In this interesting chapter, Dan reveals how to detect problems “at a glance,” just by looking at a Cumulative Flow Diagram. Typical patterns and shapes that may develop on a Cumulative Flow Diagram reveal common flow problems and process dysfunctions. The caveat, though, is that any interpretation must be done with consideration to the context it represents.

The purpose of a Cumulative Flow Diagram is not to find a shortcut to diagnose hypothetical process problems. The purpose of a Cumulative Flow Diagram is to trigger the right questions about the process, trigger them sooner, and suggest improvement actions.

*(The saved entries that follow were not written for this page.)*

Lemma evalw_precomp t t' a :
  (forall i, t' i = evalw t (a i)) -> forall w, evalw t' w = evalw t (substw a w).
Proof. by move=> t'E w; rewrite evalw_subst; apply: eq_evalw. Qed.

Lemma aut_related_refl t : aut_related t t.
Proof.
exists (fun i => [:: (i, false)]); split; last by move=> i /=; rewrite gmulr1.
exact: autF_rename.
Qed.

Lemma aut_related_sym t t' : aut_related t t' -> aut_related t' t.
Proof.
case=> a [[b ab] t'E]; exists b; split; first by exists a => i; have [] := ab i.
move=> i; rewrite (evalw_precomp t'E).
by rewrite (evalw_pres_eq _ (proj1 (ab i))) //= gmulr1.
Qed.

Lemma aut_related_trans t t' t'' :
  aut_related t t' -> aut_related t' t'' -> aut_related t t''.
Proof.
case=> a [Aa t'E] [c [Ac t''E]]; exists (fun i => substw a (c i)).
by split; [apply: autF_comp|move=> i; rewrite t''E (evalw_precomp t'E)].
Qed.

Lemma nielsen_step_aut_related t t' : nielsen_step t t' -> aut_related t t'.
Proof.
case=> [i t'E|i j t'E|i j ij t'E].
- exists (fun k => [:: (k, k == i)]); split; first exact: autF_invert.
  by move=> k /=; rewrite t'E gmulr1; case: (k == i).
- have swapK := perm.tperm_proof i j.
  exists (fun k => [:: ([fun z => z with i |-> j, j |-> i] k, false)]).
  split; first exact: (autF_rename swapK swapK).
  move=> k /=; rewrite t'E gmulr1.
  by case: (k == i); case: (k == j).
- exists (fun k => if k == i then [:: (i, false); (j, false)] else [:: (k, false)]).
  split; first exact: autF_transvection.
  by move=> k; rewrite t'E; case: (k == i); rewrite /= ?gmulr1.
Qed.

Lemma nielsen_equiv_aut_related t t' : nielsen_equiv t t' -> aut_related t t'.
Proof.
elim=> [|u|u v _|u v w _ uv _ vw].
- exact: nielsen_step_aut_related.
- exact: aut_related_refl.
- exact: aut_related_sym.
- exact: aut_related_trans uv vw.
Qed.

Lemma aut_related_gen_by t t' x : aut_related t t' -> gen_by t' x -> gen_by t x.
Proof. by case=> a [_ t'E] [w <-]; exists (substw a w); rewrite (evalw_precomp t'E). Qed.
End AutRelated.

Lemma free_subgroup_ext (G : group) (S S' : G -> Prop) :
  (forall x, S x <-> S' x) -> free_subgroup S -> free_subgroup S'.
Proof. by move=> SS' [B [SB freeB]]; exists B; split => // x; rewrite -SS'. Qed.

Lemma reduced_map (A B : Type) (f : A -> B) (w : seq (A * bool)) :
  injective f -> reducedP w -> reducedP (map (fun l => (f l.1, l.2)) w).
Proof.
move=> inj_f; elim: w => [|x [|y w] IH] //= [xy red_yw]; split; last exact: IH.
by case=> /inj_f e1 e2; apply: xy.
Qed.

Lemma lift_word (A B : Type) (f : A -> B) (w' : seq (B * bool)) :
  (forall l, List.In l w' -> exists y, f y = l.1) ->
  exists w, map (fun l => (f l.1, l.2)) w = w'.
Proof.
elim: w' => [|[b e] w' IH] imw'; first by exists [::].
have [y fy] := imw' _ (or_introl erefl).
have [|w <-] := IH; first by move=> l w'l; apply: imw'; right.
by exists ((y, e) :: w); rewrite /= fy.
Qed.

Lemma free_group_of_free_image (K G : group) (f : K -> G) :
  is_hom f -> injective f -> free_subgroup (fun x : G => exists y, f y = x) ->
  free_group K.
Proof.
move=> hom_f inj_f [B' [imB' freeB']].
pose fw (w : seq (K * bool)) := map (fun l => (f l.1, l.2)) w.
have evalw_fw w : evalw id (fw w) = f (evalw id w).
  by rewrite evalw_map (evalw_hom _ _ hom_f).
have B'im b : B' b -> exists y, f y = b.
  move=> B'b; apply/imB'; exists [:: (b, false)]; rewrite /= gmulr1.
  by split=> // l [<-|[]].
exists (fun y => B' (f y)); split=> [x|w Bw red_w w_ne1 w1].
  split=> // _; have [w' [B'w' w'x]] := proj1 (imB' (f x)) (ex_intro _ x erefl).
  have [w fww'] := lift_word (fun l w'l => B'im _ (B'w' l w'l)).
  exists w; split; last by apply: inj_f; rewrite -evalw_fw /fw fww'.
  by move=> l wl; apply: (B'w' (f l.1, l.2)); rewrite -fww'; apply: List.in_map.
apply: (freeB' (fw w)).
- by move=> _ /List.in_map_iff [l [<- wl]]; apply: Bw.
- exact: reduced_map.
- by case: w w_ne1 {Bw red_w w1}.
- by rewrite evalw_fw w1 hom1.
Qed.

Lemma gen_by_hom (m : nat) (H G : group) (h : 'I_m -> H) (phi : H -> G) :
  is_hom phi -> (forall y : H, gen_by h y) ->
  forall x, gen_by (fun i => phi (h i)) x <-> exists y, phi y = x.
Proof.
move=> hom_phi genH x; split=> [[w <-]|[y <-]].
  by exists (evalw h w); rewrite evalw_hom.
by have [w <-] := genH y; exists w; rewrite evalw_hom.
Qed.

Section NielsenRigidGroup.
Variables (m : nat) (G : group) (g : 'I_m -> G).
Hypothesis gen_g : forall x : G, exists w : word m, evalw g w = x.
Hypothesis nonfree_G : ~ free_group G.
Hypothesis nielsen_g :
  forall t : 'I_m -> G, ~ free_subgroup (gen_by t) -> nielsen_equiv t g.

Lemma nonfree_tuple_generates (t : 'I_m -> G) x :
  ~ free_subgroup (gen_by t) -> gen_by t x.
Proof.
move/nielsen_g/nielsen_equiv_aut_related/aut_related_gen_by; apply.
exact: gen_g.
Qed.

Lemma hom_onto_or_free_image (H : group) : m_generated m H ->
  forall phi : H -> G, is_hom phi ->
    (forall x : G, exists y : H, phi y = x) \/
    free_subgroup (fun x : G => exists y : H, phi y = x).
Proof.
move=> [h genH] phi hom_phi; have imE := gen_by_hom hom_phi genH.
have [free_t|nonfree_t] := classic (free_subgroup (gen_by (fun i => phi (h i)))).
  by right; apply: free_subgroup_ext free_t.
by left=> x; apply/imE/nonfree_tuple_generates.
Qed.

Lemma injective_hom_surjective (f : G -> G) :
  is_hom f -> injective f -> forall x : G, exists y, f y = x.
Proof.
move=> hom_f inj_f.
have [] // := hom_onto_or_free_image (ex_intro _ g gen_g) hom_f.
by move/(free_group_of_free_image hom_f inj_f)/nonfree_G.
Qed.

Lemma automorphism_induced (beta : G -> G) : is_hom beta -> bijective beta ->
  exists a : 'I_m -> word m, autF a /\ induced_by g beta a.
Proof.
move=> hom_beta [beta' _ betaK].
have imE := gen_by_hom (m := m) hom_beta gen_g.
have nonfree_t : ~ free_subgroup (gen_by (fun i => beta (g i))).
  move=> free_t; apply: nonfree_G; apply: free_subgroup_ext free_t => x.
  by split=> // _; apply/imE; exists (beta' x).
have [a [Aa tE]] := aut_related_sym (nielsen_equiv_aut_related (nielsen_g nonfree_t)).
exists a; split=> // w.
by rewrite -(evalw_hom _ _ hom_beta) (evalw_precomp tE).
Qed.
End NielsenRigidGroup.

Theorem mainTheorem6 (m n : nat) (hm : 1 < m) (hn : 0 < n)
  (R : seq (word m)) (hsize : size R = n)
  (hrel : forall r, r \in R -> r <> [::] /\ cyc_reducedP r)
  (G : group) (g : 'I_m -> G) (hpres : presents R g)
  (hnonfree : ~ free_group G)
  (hnielsen : forall t : 'I_m -> G,
      ~ free_subgroup (gen_by t) -> nielsen_equiv t g) :
  (forall (H : group), m_generated m H ->
     forall phi : H -> G, is_hom phi ->
       (forall x : G, exists y : H, phi y = x) \/
       free_subgroup (fun x : G => exists y : H, phi y = x)) /\
  (forall f : G -> G, is_hom f -> injective f -> forall x : G, exists y, f y = x) /\
  (forall beta : G -> G, is_hom beta -> bijective beta ->
     exists a : 'I_m -> word m, autF a /\ induced_by g beta a).
Proof.
have gen_g := proj1 hpres.
split; first exact: hom_onto_or_free_image hnielsen.
split; first exact: injective_hom_surjective hnonfree hnielsen.
exact: automorphism_induced hnonfree hnielsen.
Qed.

To have an idea of what to look for, Dan presents and describes some specific shapes and patterns:

  • Mismatched arrivals and departures
  • Flat lines
  • Stair steps
  • Bulging bands
  • Disappearing bands
  • S-Curves
  • “Boring” Cumulative Flow Diagrams

Finally Dan expresses concerns about using Cumulative Flow Diagrams to identify bottlenecks in the process. Cumulative Flow Diagrams should not be used to identify bottlenecks. Dan claims that the best use of Cumulative Flow Diagrams is simply to trigger the right questions.

This critique, about not using Cumulative Flow Diagrams to identify bottlenecks, is absolutely shared with TameFlow. In fact, TameFlow offers another means in order to identify the constraint of a (stable) process: by examining the average Cycle Time per work state. The work state that has the largest average Cycle Time is (most likely) the constraint of the process.

All in all, Dan’s description of Cumulative Flow Diagrams is superb and a should be considered as fundamental knowledge for effectively dealing with the Operational Flow of TameFlow.